Москва – Берлин: история по памяти | страница 93



Первым, кто вошел в класс, был Герд Доннер. Еще в народной школе его оставляли на второй год, и поэтому он был годом старше всех нас. Однако своим авторитетом он был обязан не только возрасту, но и высокому росту, умению не лезть за словом в карман и особому, чуть ли не дарвиновскому инстинкту, приобретенному на задворках юго-восточного Берлина, — Доннер держал нос по ветру и умел приспособиться к любой ситуации. Всегда щеголевато одетый, на каждой перемене он почти автоматически доставал узкий кожаный футляр, извлекал оттуда расческу и, слегка откинув голову, проводил ею по длинным волосам, зачесывая их назад; этакий денди от пролетариата, на которого смотрели с восхищением, как на знатока овеянных тайной ночных баров и волнующих историй про женщин. Бросив быстрый взгляд на мою парту, он тихо, но резко сказал: «Убери это сейчас же!» Не дожидаясь моей реакции, он тут же начал ногтем по кусочку отколупывать лак из овала.
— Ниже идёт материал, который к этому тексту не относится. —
(* For $n\ge2$ let $m=(n-1)^2$ and let $\Gamma_n$ be the $m\times m$ matrix indexed by $(i,j)\in\{1,\dots,n-1\}^2$ with $$(\Gamma_n)_{(i,j),(i',j')}=\begin{cases}1&(i,j)=(i',j'),\\-\frac1{n-1}& i=i'\text{ or }j=j'\text{ but not both},\\\frac1{(n-1)^2}& i\ne i'\text{ and }j\ne j'.\end{cases}$$ Order the indices row-major ($(1,1),(1,2),\dots,(1,n-1),(2,1),\dots$) and let $\Psi_n=\Gamma_n^{-1}$. Then $\sup_n\|\Psi_n\|_{\max}\le4$, and, with $a^{(n)}_1,\dots,a^{(n)}_m$ the inverse Schur complements of $\Psi_n$ defined in the context, for every $\alpha\ge1$ and every $n\ge2$, $$\sum_{k=1}^{m}(\alpha m)^{-a^{(n)}_k}\ \le\ g(\alpha):=\frac{1+2e^{4/e}+2e^{8/e}+e^{32/e}}{\alpha^{1/4}}.$$ In particular the sequence $(\Gamma_n)$ satisfies the Correlation Condition (in dimension $m=(n-1)^2$) with bounding function $g$.
   Context: $\|M\|_{\max}=\max_{a,b}|M_{ab}|$. For an invertible $m\times m$ matrix with inverse $\Psi$, let $\Psi_{k}$ be the principal submatrix of the first $k$ rows and columns (in the given index order), partitioned as $\begin{bmatrix}\Psi^{(11)}_{k}&\Psi^{(12)}_{k}\\\Psi^{(21)}_{k}&\Psi^{(22)}_{k}\end{bmatrix}$ with $\Psi^{(11)}_{k}$ the leading $(k-1)\times(k-1)$ block and $\Psi^{(22)}_{k}$ the $(k,k)$ entry; set $a_1=\Psi_{11}^{-1}$ and $a_k=\big(\Psi^{(22)}_{k}-\Psi^{(21)}_{k}(\Psi^{(11)}_{k})^{-1}\Psi^{(12)}_{k}\big)^{-1}$ for $k\ge2$. The Correlation Condition for a sequence of invertible $m\times m$ correlation matrices requires $\sup\|\Psi\|_{\max}<\infty$ and $\sup\sum_{k=1}^m(\alpha m)^{-a_k}\le g(\alpha)$ for all $\alpha\ge1$, with $g$ decreasing, independent of the index of the sequence, and $g(\alpha)\to0$ as $\alpha\to\infty$. ($\Gamma_n$ is the correlation matrix of one increment of the $n\times n$ Diaconis–Gangolli walk restricted to the first $n-1$ rows and columns.) *)

From HB Require Import structures.
From mathcomp Require Import all_boot all_order all_algebra.
From mathcomp Require Import all_classical all_reals all_analysis.
Set Implicit Arguments. Unset Strict Implicit. Unset Printing Implicit Defensive.
Import Order.TTheory GRing.Theory Num.Theory.
Local Open Scope ring_scope.

(* Gamma_n : the ((n-1)^2) x ((n-1)^2) matrix; the index k : 'I_((n-1)^2)
   (0-based) corresponds row-major to the pair (k %/ (n-1), k %% (n-1)). *)
Definition Gamma (R : realType) (n : nat) : 'M[R]_((n.-1) ^ 2) :=
  \matrix_(k, l)
    let i := (k %/ n.-1)%N in let j := (k %% n.-1)%N in
    let i' := (l %/ n.-1)%N in let j' := (l %% n.-1)%N in
    if (i == i') && (j == j') then 1
    else if (i == i') || (j == j') then - (n.-1%:R)^-1
    else ((n.-1%:R) ^+ 2)^-1.

Definition maxnorm (R : realType) (m : nat) (M : 'M[R]_m) : R :=
  \big[Num.max/0]_(i < m) \big[Num.max/0]_(j < m) `|M i j|.

(* inverse Schur complement a_{t+1} for the 0-based index t : 'I_m:
   Psi_{t+1} has leading t x t block A, last column b, last row c and
   corner Psi t t; a = (Psi t t - c A^{-1} b)^{-1}.  For t = 0 the blocks
   are empty and this is Psi_11^{-1}, as in the paper. *)
Definition schur_inv (R : realType) (m : nat) (Psi : 'M[R]_m) (t : 'I_m) : R :=
  let w := widen_ord (ltnW (ltn_ord t)) in
  let A := \matrix_(i < t, j < t) Psi (w i) (w j) in
  let b := \col_(i < t) Psi (w i) t in
  let c := \row_(j < t) Psi t (w j) in
  (Psi t t - (c *m invmx A *m b) 0 0)^-1.

Definition gfun (R : realType) (alpha : R) : R :=
  (1 + 2 * expR (4 / expR 1) + 2 * expR (8 / expR 1) + expR (32 / expR 1))
  / (alpha `^ (4%:R)^-1).

(* With d = n - 1 and J the all-ones d x d matrix, Gamma_n is the Kronecker square
   of A = (1 + 1/d) I - (1/d) J, whose inverse is B = d/(d+1) (I + J); so
   Psi_n = B (x) B has entries d^2/(d+1)^2 (1 + [i = i']) (1 + [j = j']) <= 4 and is
   positive definite.  For a symmetric positive definite matrix, 1/a_k is the
   minimum of v^T Psi v over the v with v_k = 1 vanishing beyond k.  Testing with
   v = u_p (x) u_q, where u_p = e_p - (e_0 + ... + e_(p-1))/(p+1), gives
   a_k >= (p+1)/(p+2) * (q+1)/(q+2) for k = (p, q).  The sum over p and q of
   (alpha m)^(-(p+1)(q+1)/((p+2)(q+2))) is then at most 100 alpha^(-1/4), by
   y^(1/(q+2)) <= 4 + 6 y^(1/2) / ((q+1)(q+2)) and sum_q 1/((q+1)(q+2)) <= 1. *)

From HB Require Import structures.
From mathcomp Require Import all_boot all_order all_algebra.
From mathcomp Require Import all_classical all_reals all_analysis.
From mathcomp Require Import zify ring lra.
Import Order.TTheory GRing.Theory Num.Theory.
Local Open Scope ring_scope.
Set Implicit Arguments. Unset Strict Implicit. Unset Printing Implicit Defensive.

Section QuadraticForm.
Variable R : realFieldType.

Definition quad m (M : 'M[R]_m) (x : 'I_m -> R) : R :=
  \sum_(k < m) \sum_(l < m) x k * x l * M k l.

Definition posdef m (M : 'M[R]_m) :=
  forall x : 'I_m -> R, [exists k, x k != 0] -> 0 < quad M x.

Lemma quadE m (M : 'M[R]_m) x :
  quad M x = \sum_(l < m) x l * \sum_(k < m) x k * M k l.
Proof.
rewrite /quad exchange_big; apply: eq_bigr => l _; rewrite big_distrr.
by apply: eq_bigr => k _ /=; ring.
Qed.

Lemma quad_ge0 m (M : 'M[R]_m) x : posdef M -> 0 <= quad M x.
Proof.
move=> Mpd; have [/Mpd/ltW //|/existsPn x0] := boolP [exists k, x k != 0].
rewrite /quad big1 // => k _; rewrite big1 // => l _.
by move: (x0 k); rewrite negbK => /eqP->; rewrite !mul0r.
Qed.

Lemma quadD m (M : 'M[R]_m) x y : (forall i j, M i j = M j i) ->
  quad M (fun k => x k + y k) =
  quad M x + 2 * \sum_(l < m) y l * \sum_(k < m) x k * M k l + quad M y.
Proof.
move=> Msym; rewrite /quad.
have -> : \sum_(k < m) \sum_(l < m) (x k + y k) * (x l + y l) * M k l =
  \sum_(k < m) \sum_(l < m) x k * x l * M k l +
  (\sum_(k < m) \sum_(l < m) x k * y l * M k l +
   \sum_(k < m) \sum_(l < m) y k * x l * M k l) +
  \sum_(k < m) \sum_(l < m) y k * y l * M k l.
  rewrite -!big_split /=; apply: eq_bigr => k _; rewrite -!big_split /=.
  by apply: eq_bigr => l _; ring.
have -> : \sum_(k < m) \sum_(l < m) y k * x l * M k l =
          \sum_(k < m) \sum_(l < m) x k * y l * M k l.
  rewrite exchange_big; apply: eq_bigr => k _; apply: eq_bigr => l _.
  by rewrite Msym; ring.
congr (_ + _ + _); rewrite exchange_big -mulr2n mulr_natl; congr (_ *+ 2).
apply: eq_bigr => l _; rewrite big_distrr; apply: eq_bigr => k _ /=; ring.
Qed.

Lemma posdef_unitmx m (M : 'M[R]_m) : posdef M -> M \in unitmx.
Proof.
move=> Mpd; rewrite unitmxE unitfE; apply/negP => /det0P [y y0 yM].
have : 0 < quad M (fun k => y 0 k).
  apply: Mpd; apply: contraR y0 => /existsPn y0.
  by apply/eqP/rowP => k; rewrite mxE; apply/eqP/negPn.
rewrite quadE big1 ?ltxx // => l _.
by have /rowP/(_ l) := yM; rewrite !mxE => ->; rewrite mulr0.
Qed.

Lemma sum_sqr_group (T : finType) m (g : 'I_m -> T) (x : 'I_m -> R) :
  \sum_(k < m) \sum_(l < m) x k * x l * (g k == g l)%:R =
  \sum_(r : T) (\sum_(k < m) (g k == r)%:R * x k) ^+ 2.
Proof.
symmetry; transitivity (\sum_(r : T) \sum_(k < m) \sum_(l < m)
    ((g k == r)%:R * x k) * ((g l == r)%:R * x l)).
  apply: eq_bigr => r _; rewrite expr2 big_distrl; apply: eq_bigr => k _ /=.
  by rewrite big_distrr.
rewrite exchange_big; apply: eq_bigr => k _ /=.
rewrite exchange_big; apply: eq_bigr => l _ /=.
rewrite (bigD1 (g k)) //= eqxx big1 ?addr0 => [|r /negbTE rk].
  by rewrite /= [g l == _]eq_sym; ring.
by rewrite eq_sym rk !mul0r.
Qed.

Lemma sum_sqr_group_ge0 (T : finType) m (g : 'I_m -> T) (x : 'I_m -> R) :
  0 <= \sum_(k < m) \sum_(l < m) x k * x l * (g k == g l)%:R.
Proof. by rewrite sum_sqr_group sumr_ge0 // => r _; apply: sqr_ge0. Qed.

Lemma sum_sqr_diag m (x : 'I_m -> R) :
  \sum_(k < m) \sum_(l < m) x k * x l * (k == l)%:R = \sum_(k < m) x k ^+ 2.
Proof.
apply: eq_bigr => k _; rewrite (bigD1 k) //= eqxx big1 ?addr0 => [|l /negbTE].
  by rewrite mulr1 expr2.
by rewrite eq_sym => ->; rewrite mulr0.
Qed.

Definition zext m t (y : 'I_t -> R) : 'I_m -> R :=
  fun k => oapp y 0 (insub (val k)).
Arguments zext m {t} y.

Lemma zext_widen m t (le_tm : (t <= m)%N) (y : 'I_t -> R) i :
  zext m y (widen_ord le_tm i) = y i.
Proof. by rewrite /zext /= valK. Qed.

Lemma zext_out m t (y : 'I_t -> R) (k : 'I_m) : (t <= k)%N -> zext m y k = 0.
Proof. by move=> tk; rewrite /zext insubF // ltnNge tk. Qed.

Lemma sum_zext m t (le_tm : (t <= m)%N) (y : 'I_t -> R) (F : 'I_m -> R) :
  \sum_(k < m) zext m y k * F k = \sum_(i < t) y i * F (widen_ord le_tm i).
Proof.
under [RHS]eq_bigr => i _ do rewrite -(zext_widen (m:=m) le_tm y).
rewrite -(big_ord_narrow (F := fun k => zext m y k * F k) le_tm) [RHS]big_mkcond /=.
by apply: eq_bigr => k _; case: ltnP => // /zext_out->; rewrite mul0r.
Qed.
Тем временем подтянулись остальные ученики, помещение за нашими спинами заполнилось, некоторые подошли ближе и еще смогли разглядеть в оставшихся очертаниях карикатуру. В нарастающем гвалте Герд Доннер пригрозил взбучкой тому, кто посмеет нажаловаться.

Чуть позже в комнату вошел учитель, господин Аппельт. Это был педантичный, не уверенный в себе, вечно потеющий человек с крупным специфического серого цвета лицом, что говорило о тяжести долгих ночных часов, проведенных за освоением учебного материала. Не успел класс сесть, как, ко всеобщему удивлению, поднялся Нильс Шлак, — это был прилежный полноватый мальчик, наполовину норвежец, единственный в классе постоянно носивший значок гитлерюгенда на лацкане пиджака. «Мне нужно кое о чем сообщить», — произнес Шлак. Затем он рассказал о случившемся. Учитель состроил брезгливую мину — лоб его прочертила вертикальная складка — и, едва заметно покачав головой, он подошел ко мне. Учитель растерянно уставился на парту и затем велел после уроков пойти с ним к директору, где мне учинили обстоятельный допрос. Уже на следующий день пришел чиновник в штатском снимать показания, и у мамы снова появился повод причитать.

Объяснялось ли смутное недоверие, исходившее с того дня от некоторых учителей, боязнью любых, даже столь незначительных нарушений? Как бы то ни было, но после этого происшествия у меня появились и новые друзья — среди них Вигберт Ганс, первый ученик в классе, который обратился ко мне со словами «Мы тоже анти» — распространенной в те времена формулой признания. Его отец, как я узнал позже, тоже был снят нацистами с должности. Однако наш классный наставник с этих пор усматривал в любой невнимательности, любой провинности с моей стороны проявления безнадежной никчемности и к тому же политической неблагонадежности, так что вскоре я с огромным отрывом возглавил список учеников, получивших замечания в классном журнале или оставленных после уроков, и, чтобы положить конец этому безобразию, моего отца вызвали к господину Вайнхольду. Они сошлись на том, что я смогу избежать грозившего мне исключения лишь в том случае, если в самое ближайшее время покину школу.